Data were analyzed using the SPSS statistical software package (15.0 for Windows). Results were expressed as mean ± standard deviation for continuous data or as percentages and numbers for categorical data. Continuous variables with normal distribution and unequal distribution were analyzed with the Student’s t-test. The odds ratios (OR) and 95% confidence intervals (CI) were calculated. P < 0.05 was considered as statistically significant.
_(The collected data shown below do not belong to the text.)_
(* For any finite subset $E\subseteq\mathbb{N}$ with $|E|\ge2$, $$\mathcal{F}_E=\Big\{B\subseteq\mathbb{N}:\exists L\subseteq\Pi\setminus A_E\text{ finite with }\bigcap_{p\in L}p\mathbb{N}\cap\bigcap_{p\in A_E\setminus\Pi_E}\big(\{0,\alpha_E(p)\}+p\mathbb{Z}\big)\subseteq B\Big\},$$ where $\bigcap_{p\in\emptyset}p\mathbb{N}=\mathbb{N}$.
   Context: $\mathbb{N}=\{1,2,\dots\}$, $\mathbb{N}_0=\{0\}\cup\mathbb{N}$, $\Pi$ the set of primes, $\Pi_z$ the set of prime divisors of $z$; $p\mathbb{N}=\{pn:n\in\mathbb{N}\}$, $\{0,k\}+p\mathbb{Z}=p\mathbb{Z}\cup(k+p\mathbb{Z})$. The Kirch topology $\tau_K$ on $\mathbb{N}$ is generated by the base of all $a+b\mathbb{N}_0=\{a+bn:n\in\mathbb{N}_0\}$ with $a,b\in\mathbb{N}$ coprime and $b$ square-free. Closures $\overline{U}$ are in $\tau_K$; $\tau_x=\{U\in\tau_K:x\in U\}$. For finite $E\subseteq\mathbb{N}$, $\mathcal{F}_E=\{B\subseteq\mathbb{N}:\exists (U_x)_{x\in E}\in\prod_{x\in E}\tau_x\ (\bigcap_{x\in E}\overline{U_x}\subseteq B)\}$. For nonempty finite $E$: $\Pi_E=\bigcap_{z\in E}\Pi_z$; $A_E=\{p\in\Pi:\exists k\in\mathbb{N}\ (E\subseteq\{0,k\}+p\mathbb{Z})\}$; $\alpha_E:A_E\to\mathbb{N}_0$ is the unique function with $0\le\alpha_E(p)<p$ and $E\subseteq\{0,\alpha_E(p)\}+p\mathbb{Z}$ for all $p\in A_E$, $\alpha_E(2)=1$, and $\alpha_E(p)=0$ for $p\in\Pi_E\setminus\{2\}$. *)

(* Subsets of N = {1,2,...} are predicates on nat;
   only their positive elements matter. *)
From mathcomp Require Import all_boot.
Set Implicit Arguments. Unset Strict Implicit. Unset Printing Implicit Defensive.

Definition nset := nat -> Prop.

Definition kirch_base (a b : nat) : nset := fun n => exists k : nat, n = a + b * k.

Definition kirch_base_ok (a b : nat) : Prop :=
  0 < a /\ 0 < b /\ coprime a b /\ (forall p, prime p -> ~~ (p * p %| b)).

Definition kirch_open (U : nset) : Prop :=
  (forall n, U n -> 0 < n) /\
  forall x, U x -> exists a b, kirch_base_ok a b /\ kirch_base a b x /\
                        (forall n, kirch_base a b n -> U n).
The baseline characteristics of the patients are listed in Table 1. The mean age of patients was 65.03 ± 9.02 years. No. of male patients were 101 and female patients were 29. The mean BMI of patients was 27.78 ± 4.30 kg/m², 67 patients were diabetic, 96 patients were hypertensive, 56 patients had hyperliidemia and 37 patients were chronic smokers. Of a total 130 patients enrolled in the study group 4 patients were lost to follow up. Total of 39 patients were aspirin resitant (Table 2). On comparison to Aspirin sensitive group, aspirin resistant group had higher BMI of 29.30 ± 4.49 kg/m² in comparison to aspirin sensitive group (26.27 ± 3.57 kg/m²) (P < 0.005). There was significant no. of hypetensives in aspirin resistant group (92%) in comparison to aspirin sensitive group (73%) (P < 0.03) and significant no. of hyperlipidemic patients in aspirin resistant group (39%) in comparison to aspirin sensitive group (56%) (P <0.05). The mean fasting blood glucose level was significantly higher in aspirin resistant group (123.11 ± 17.01 mg/dL ) in comparison to aspirin sensitive group (108.67 ± 21.16 mg/dL) (P < 0.01). The mean LDL level in aspirin resistant group (167.87 ± 16.92) was significantly higher (P < 0.05) in comparison to aspirin sensitive group (147.2 ± 21.13). The fibrinogen level in aspirin resitant group (2.31 ± 0.4) was significantly higher than the aspirin sensitive patients (2.01 ± 0.32) (P < 0.04). Creatinine clearance as calculated by the Cockrauft Gault Formula in aspirin resistant group (31.13 ± 13.83 mL/min) was significantly lower (P < 0.05) in comparison to aspirin sensitive patients (39.88 ± 10.87 mL/min).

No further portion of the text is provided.